AIM OF THE EXERCISE: Reproduce exactly, and only, the lines below from the one containing "y^n in L(Omega', X)" through the one containing "Lemma measurable_countable_union (Bs".

::::::::::

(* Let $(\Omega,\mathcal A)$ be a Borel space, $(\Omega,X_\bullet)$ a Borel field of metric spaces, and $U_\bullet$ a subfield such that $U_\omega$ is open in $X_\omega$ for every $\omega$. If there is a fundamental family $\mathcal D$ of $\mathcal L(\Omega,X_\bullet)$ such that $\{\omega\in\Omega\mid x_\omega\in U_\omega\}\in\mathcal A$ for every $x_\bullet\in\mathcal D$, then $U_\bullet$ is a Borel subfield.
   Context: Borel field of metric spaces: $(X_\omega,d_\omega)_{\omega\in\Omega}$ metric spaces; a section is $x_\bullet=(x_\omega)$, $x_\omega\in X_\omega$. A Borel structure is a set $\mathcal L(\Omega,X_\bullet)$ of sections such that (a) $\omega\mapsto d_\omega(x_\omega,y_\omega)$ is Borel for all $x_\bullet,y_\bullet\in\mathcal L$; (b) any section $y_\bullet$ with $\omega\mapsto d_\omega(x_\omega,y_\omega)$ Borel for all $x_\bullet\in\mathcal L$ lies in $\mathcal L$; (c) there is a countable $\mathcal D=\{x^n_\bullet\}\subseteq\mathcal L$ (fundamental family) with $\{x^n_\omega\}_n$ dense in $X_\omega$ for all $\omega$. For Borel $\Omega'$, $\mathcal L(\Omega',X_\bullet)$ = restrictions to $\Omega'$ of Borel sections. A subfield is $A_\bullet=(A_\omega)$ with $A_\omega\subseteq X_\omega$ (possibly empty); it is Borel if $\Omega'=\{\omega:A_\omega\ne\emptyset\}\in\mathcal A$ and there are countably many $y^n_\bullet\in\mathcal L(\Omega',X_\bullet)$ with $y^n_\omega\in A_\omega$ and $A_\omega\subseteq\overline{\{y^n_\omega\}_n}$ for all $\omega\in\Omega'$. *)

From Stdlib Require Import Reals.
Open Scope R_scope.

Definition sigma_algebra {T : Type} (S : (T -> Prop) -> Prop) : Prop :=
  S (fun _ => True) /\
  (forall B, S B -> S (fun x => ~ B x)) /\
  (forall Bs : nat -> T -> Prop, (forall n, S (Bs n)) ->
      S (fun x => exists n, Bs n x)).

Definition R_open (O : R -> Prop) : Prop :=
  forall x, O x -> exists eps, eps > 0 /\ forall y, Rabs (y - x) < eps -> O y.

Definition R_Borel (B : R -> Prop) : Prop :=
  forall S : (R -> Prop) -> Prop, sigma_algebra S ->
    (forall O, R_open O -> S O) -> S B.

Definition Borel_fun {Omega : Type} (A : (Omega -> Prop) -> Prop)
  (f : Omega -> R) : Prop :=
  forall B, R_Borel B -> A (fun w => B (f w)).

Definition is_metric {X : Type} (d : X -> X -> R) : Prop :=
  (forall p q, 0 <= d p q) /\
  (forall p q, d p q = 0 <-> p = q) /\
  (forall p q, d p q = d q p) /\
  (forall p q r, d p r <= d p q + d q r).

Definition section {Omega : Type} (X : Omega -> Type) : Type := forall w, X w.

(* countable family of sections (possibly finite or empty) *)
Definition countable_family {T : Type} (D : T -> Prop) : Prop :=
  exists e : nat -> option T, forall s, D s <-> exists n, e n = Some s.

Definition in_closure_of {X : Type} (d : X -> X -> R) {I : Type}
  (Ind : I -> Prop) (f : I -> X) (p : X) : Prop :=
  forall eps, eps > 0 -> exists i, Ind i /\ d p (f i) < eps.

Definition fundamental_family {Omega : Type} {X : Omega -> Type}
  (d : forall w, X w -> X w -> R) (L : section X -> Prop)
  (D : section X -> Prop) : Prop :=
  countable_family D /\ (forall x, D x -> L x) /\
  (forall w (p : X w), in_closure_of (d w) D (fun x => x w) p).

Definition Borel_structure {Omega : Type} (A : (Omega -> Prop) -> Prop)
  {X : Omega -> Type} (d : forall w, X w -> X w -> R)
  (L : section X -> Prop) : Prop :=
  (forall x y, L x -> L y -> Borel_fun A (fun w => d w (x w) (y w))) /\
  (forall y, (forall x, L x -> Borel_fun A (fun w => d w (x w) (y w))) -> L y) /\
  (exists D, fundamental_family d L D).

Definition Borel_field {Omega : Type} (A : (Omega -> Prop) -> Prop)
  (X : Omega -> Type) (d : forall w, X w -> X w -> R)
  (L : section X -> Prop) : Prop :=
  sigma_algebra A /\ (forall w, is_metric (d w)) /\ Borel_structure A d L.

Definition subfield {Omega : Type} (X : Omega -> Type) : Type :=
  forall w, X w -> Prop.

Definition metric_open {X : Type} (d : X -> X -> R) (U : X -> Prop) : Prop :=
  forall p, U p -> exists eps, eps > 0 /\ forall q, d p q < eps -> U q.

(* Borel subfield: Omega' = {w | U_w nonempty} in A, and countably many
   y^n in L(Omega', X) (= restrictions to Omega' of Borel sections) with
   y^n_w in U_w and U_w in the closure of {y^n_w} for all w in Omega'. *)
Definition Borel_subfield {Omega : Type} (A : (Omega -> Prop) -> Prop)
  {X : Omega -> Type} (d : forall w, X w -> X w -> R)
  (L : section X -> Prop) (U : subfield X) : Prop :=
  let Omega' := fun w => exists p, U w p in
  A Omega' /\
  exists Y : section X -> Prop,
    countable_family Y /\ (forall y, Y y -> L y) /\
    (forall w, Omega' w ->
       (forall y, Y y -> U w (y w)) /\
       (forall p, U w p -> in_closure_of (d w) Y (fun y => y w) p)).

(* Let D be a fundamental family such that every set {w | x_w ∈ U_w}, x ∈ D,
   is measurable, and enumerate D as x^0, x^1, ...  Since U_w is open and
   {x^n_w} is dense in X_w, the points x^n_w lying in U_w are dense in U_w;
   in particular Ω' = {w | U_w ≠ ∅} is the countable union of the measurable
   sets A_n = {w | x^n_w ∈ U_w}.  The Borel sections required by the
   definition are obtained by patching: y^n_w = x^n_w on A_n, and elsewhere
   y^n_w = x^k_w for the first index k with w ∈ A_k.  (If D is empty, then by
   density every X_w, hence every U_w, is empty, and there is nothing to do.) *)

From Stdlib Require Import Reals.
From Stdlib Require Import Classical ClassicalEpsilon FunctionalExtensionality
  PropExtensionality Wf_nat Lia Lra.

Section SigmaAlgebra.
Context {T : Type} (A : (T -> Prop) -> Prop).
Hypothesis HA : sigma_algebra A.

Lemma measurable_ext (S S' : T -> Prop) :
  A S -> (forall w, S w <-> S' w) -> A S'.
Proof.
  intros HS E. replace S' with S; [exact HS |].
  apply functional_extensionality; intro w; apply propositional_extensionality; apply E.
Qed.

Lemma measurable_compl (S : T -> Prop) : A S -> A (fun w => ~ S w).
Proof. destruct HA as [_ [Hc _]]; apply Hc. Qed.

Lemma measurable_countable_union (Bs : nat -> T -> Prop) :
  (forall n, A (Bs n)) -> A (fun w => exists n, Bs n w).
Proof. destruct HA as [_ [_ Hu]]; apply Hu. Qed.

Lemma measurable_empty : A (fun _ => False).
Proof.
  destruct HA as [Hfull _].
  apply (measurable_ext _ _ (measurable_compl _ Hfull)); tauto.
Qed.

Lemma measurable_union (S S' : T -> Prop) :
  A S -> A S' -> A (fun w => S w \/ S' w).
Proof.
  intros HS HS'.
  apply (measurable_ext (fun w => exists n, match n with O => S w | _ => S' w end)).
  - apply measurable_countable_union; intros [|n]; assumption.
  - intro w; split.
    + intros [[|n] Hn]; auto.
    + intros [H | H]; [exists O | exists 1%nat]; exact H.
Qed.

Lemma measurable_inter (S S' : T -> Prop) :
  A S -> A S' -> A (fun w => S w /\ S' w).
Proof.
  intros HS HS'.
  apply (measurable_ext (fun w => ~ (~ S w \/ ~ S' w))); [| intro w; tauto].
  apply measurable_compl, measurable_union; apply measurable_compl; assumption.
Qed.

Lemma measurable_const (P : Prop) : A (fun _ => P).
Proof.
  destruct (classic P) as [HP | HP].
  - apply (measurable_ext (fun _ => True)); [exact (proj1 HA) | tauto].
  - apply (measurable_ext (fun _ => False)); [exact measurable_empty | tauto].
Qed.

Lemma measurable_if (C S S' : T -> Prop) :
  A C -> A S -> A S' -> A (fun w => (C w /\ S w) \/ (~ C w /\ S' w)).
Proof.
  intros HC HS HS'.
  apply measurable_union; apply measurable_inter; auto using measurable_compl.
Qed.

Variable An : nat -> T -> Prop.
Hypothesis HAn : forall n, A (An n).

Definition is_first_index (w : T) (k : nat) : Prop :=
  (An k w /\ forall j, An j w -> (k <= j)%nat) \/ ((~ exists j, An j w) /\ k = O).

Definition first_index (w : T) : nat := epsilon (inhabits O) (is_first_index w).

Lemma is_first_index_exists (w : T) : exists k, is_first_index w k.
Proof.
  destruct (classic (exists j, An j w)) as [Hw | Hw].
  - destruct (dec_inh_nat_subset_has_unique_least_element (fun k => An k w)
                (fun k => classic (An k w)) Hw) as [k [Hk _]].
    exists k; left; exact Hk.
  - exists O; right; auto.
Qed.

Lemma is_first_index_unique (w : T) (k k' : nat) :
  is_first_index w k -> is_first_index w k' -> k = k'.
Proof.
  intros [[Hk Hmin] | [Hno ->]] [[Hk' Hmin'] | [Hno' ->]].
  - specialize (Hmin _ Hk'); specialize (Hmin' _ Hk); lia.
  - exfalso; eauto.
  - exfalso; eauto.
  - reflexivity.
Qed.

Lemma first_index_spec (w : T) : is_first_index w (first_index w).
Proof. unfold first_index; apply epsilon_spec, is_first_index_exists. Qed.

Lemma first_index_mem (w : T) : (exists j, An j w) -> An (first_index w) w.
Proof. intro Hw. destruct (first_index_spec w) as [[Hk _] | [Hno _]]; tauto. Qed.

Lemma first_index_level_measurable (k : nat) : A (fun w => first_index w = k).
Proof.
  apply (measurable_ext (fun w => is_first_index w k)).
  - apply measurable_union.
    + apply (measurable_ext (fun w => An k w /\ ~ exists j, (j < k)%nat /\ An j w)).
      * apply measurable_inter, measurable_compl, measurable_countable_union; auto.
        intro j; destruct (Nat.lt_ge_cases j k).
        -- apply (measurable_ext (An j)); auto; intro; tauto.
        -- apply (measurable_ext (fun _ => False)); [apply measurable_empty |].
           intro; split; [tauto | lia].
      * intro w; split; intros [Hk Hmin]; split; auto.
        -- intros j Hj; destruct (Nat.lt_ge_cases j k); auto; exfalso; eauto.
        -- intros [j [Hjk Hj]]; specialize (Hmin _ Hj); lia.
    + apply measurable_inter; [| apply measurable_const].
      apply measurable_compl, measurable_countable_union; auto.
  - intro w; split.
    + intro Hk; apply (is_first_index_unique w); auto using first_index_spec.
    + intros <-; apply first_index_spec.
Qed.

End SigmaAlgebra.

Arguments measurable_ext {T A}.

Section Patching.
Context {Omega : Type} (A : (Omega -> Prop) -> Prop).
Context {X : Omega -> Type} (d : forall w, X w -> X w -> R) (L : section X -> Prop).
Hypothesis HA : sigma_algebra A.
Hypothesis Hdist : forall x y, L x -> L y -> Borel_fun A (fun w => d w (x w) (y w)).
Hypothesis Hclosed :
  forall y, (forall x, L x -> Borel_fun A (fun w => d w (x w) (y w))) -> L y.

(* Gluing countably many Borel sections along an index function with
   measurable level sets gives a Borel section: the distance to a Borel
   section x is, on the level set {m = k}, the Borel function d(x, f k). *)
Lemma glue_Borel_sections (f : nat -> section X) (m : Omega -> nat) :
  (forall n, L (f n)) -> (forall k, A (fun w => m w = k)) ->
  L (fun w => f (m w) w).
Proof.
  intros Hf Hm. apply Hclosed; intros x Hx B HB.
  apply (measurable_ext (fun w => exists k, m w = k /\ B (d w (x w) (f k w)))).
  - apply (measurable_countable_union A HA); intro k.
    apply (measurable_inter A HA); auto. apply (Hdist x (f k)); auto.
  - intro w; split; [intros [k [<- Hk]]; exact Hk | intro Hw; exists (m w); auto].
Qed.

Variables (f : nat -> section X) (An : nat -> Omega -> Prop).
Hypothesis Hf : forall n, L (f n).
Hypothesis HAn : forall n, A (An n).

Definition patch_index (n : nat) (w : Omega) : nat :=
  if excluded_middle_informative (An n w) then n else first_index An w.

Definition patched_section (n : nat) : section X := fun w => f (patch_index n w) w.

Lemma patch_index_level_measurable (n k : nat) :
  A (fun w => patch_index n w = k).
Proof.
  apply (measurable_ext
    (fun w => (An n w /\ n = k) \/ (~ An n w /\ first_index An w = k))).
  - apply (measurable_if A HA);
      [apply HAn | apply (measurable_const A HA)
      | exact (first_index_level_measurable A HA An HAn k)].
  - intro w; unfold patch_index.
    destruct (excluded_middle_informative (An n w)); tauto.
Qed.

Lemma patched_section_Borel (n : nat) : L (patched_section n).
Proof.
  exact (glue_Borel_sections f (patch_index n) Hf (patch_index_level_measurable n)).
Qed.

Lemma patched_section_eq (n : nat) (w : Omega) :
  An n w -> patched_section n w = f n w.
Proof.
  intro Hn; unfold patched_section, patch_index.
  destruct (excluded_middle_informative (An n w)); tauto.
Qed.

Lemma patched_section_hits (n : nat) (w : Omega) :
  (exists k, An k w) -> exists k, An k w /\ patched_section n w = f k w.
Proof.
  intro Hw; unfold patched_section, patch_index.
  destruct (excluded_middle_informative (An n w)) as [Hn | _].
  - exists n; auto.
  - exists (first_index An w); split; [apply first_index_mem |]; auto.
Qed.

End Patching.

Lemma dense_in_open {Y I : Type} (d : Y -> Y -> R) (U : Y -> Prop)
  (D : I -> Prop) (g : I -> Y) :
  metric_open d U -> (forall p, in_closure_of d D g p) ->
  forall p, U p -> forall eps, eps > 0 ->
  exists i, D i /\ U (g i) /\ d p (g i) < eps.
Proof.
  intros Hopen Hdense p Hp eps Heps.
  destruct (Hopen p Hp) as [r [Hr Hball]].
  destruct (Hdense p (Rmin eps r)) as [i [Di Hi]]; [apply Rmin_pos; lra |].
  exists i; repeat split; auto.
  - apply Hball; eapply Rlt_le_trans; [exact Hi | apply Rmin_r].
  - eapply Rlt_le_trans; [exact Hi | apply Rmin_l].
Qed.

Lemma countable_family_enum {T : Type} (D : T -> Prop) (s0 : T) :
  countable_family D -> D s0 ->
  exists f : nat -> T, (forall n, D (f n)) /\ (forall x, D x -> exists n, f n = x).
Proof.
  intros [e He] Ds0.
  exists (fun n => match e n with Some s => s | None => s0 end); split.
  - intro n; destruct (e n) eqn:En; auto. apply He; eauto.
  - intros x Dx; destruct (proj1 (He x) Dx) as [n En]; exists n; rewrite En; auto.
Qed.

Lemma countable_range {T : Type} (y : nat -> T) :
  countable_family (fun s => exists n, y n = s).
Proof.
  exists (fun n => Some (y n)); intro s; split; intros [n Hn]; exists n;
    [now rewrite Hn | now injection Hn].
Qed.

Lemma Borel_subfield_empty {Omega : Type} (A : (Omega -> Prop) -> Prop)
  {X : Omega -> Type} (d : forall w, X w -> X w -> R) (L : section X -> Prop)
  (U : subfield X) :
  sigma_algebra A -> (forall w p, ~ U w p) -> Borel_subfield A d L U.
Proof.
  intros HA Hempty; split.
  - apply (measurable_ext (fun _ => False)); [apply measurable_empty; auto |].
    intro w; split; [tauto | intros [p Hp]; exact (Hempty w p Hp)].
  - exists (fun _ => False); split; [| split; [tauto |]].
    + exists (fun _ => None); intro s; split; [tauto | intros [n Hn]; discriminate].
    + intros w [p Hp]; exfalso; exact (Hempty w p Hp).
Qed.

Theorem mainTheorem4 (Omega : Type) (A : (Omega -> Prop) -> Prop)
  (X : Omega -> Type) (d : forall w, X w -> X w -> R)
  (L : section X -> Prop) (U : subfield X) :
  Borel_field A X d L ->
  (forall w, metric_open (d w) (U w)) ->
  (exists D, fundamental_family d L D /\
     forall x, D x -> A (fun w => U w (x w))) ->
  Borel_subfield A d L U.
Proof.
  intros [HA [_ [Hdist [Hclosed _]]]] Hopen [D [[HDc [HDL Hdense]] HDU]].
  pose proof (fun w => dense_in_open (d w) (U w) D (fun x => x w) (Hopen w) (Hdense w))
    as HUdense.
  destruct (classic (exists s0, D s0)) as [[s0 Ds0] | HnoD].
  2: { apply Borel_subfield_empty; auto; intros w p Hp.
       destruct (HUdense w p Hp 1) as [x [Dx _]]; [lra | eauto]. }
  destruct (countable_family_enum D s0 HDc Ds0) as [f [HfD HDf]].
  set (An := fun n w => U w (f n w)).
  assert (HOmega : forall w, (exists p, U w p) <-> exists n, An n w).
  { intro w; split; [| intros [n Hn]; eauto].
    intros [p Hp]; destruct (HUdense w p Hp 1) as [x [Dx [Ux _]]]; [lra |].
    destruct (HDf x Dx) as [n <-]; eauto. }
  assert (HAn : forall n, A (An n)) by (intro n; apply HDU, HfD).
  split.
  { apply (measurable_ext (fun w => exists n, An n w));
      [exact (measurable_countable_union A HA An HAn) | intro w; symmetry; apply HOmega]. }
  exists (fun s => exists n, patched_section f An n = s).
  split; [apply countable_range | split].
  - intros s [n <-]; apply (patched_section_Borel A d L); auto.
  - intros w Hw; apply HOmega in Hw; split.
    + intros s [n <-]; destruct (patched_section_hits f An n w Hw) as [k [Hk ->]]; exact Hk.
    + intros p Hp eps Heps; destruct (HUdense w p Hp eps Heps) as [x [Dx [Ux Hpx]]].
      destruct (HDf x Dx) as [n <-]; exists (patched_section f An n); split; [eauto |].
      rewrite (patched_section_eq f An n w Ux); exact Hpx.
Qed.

::::::::::

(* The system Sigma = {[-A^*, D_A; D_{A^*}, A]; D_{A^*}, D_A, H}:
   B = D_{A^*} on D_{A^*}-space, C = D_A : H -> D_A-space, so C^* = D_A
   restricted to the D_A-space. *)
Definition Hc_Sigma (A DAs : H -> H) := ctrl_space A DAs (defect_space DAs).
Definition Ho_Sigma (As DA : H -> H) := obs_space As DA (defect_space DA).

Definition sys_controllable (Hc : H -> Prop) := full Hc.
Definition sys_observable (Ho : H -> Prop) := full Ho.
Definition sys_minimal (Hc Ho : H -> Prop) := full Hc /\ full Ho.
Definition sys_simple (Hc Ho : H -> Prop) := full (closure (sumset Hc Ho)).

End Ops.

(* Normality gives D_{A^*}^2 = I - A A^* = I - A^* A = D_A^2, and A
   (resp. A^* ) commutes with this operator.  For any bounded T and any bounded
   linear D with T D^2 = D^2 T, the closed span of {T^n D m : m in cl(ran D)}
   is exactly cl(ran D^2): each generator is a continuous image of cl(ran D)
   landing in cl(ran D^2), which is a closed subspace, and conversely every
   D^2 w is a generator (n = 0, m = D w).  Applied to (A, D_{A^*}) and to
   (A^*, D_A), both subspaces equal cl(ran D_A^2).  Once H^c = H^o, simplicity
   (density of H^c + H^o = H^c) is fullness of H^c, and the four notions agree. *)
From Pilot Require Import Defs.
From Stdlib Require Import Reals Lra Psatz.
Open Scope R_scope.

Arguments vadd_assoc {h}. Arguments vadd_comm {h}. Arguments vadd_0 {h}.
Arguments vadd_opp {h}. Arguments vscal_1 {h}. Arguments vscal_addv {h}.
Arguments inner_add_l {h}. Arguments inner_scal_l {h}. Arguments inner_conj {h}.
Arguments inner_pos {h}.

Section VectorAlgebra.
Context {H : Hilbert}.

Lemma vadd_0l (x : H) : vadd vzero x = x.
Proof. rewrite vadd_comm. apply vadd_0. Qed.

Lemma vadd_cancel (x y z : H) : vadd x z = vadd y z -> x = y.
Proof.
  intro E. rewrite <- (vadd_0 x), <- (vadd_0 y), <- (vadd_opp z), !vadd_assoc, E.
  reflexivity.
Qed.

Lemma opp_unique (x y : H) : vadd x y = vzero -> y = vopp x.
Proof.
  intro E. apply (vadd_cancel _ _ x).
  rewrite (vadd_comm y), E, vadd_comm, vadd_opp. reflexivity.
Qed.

::::::::::

WRITTEN RESPONSE:
   y^n in L(Omega', X) (= restrictions to Omega' of Borel sections) with
   y^n_w in U_w and U_w in the closure of {y^n_w} for all w in Omega'. *)
Definition Borel_subfield {Omega : Type} (A : (Omega -> Prop) -> Prop)
  {X : Omega -> Type} (d : forall w, X w -> X w -> R)
  (L : section X -> Prop) (U : subfield X) : Prop :=
  let Omega' := fun w => exists p, U w p in
  A Omega' /\
  exists Y : section X -> Prop,
    countable_family Y /\ (forall y, Y y -> L y) /\
    (forall w, Omega' w ->
       (forall y, Y y -> U w (y w)) /\
       (forall p, U w p -> in_closure_of (d w) Y (fun y => y w) p)).

(* Let D be a fundamental family such that every set {w | x_w ∈ U_w}, x ∈ D,
   is measurable, and enumerate D as x^0, x^1, ...  Since U_w is open and
   {x^n_w} is dense in X_w, the points x^n_w lying in U_w are dense in U_w;
   in particular Ω' = {w | U_w ≠ ∅} is the countable union of the measurable
   sets A_n = {w | x^n_w ∈ U_w}.  The Borel sections required by the
   definition are obtained by patching: y^n_w = x^n_w on A_n, and elsewhere
   y^n_w = x^k_w for the first index k with w ∈ A_k.  (If D is empty, then by
   density every X_w, hence every U_w, is empty, and there is nothing to do.) *)

From Stdlib Require Import Reals.
From Stdlib Require Import Classical ClassicalEpsilon FunctionalExtensionality
  PropExtensionality Wf_nat Lia Lra.

Section SigmaAlgebra.
Context {T : Type} (A : (T -> Prop) -> Prop).
Hypothesis HA : sigma_algebra A.

Lemma measurable_ext (S S' : T -> Prop) :
  A S -> (forall w, S w <-> S' w) -> A S'.
Proof.
  intros HS E. replace S' with S; [exact HS |].
  apply functional_extensionality; intro w; apply propositional_extensionality; apply E.
Qed.

Lemma measurable_compl (S : T -> Prop) : A S -> A (fun w => ~ S w).
Proof. destruct HA as [_ [Hc _]]; apply Hc. Qed.

Lemma measurable_countable_union (Bs : nat -> T -> Prop) :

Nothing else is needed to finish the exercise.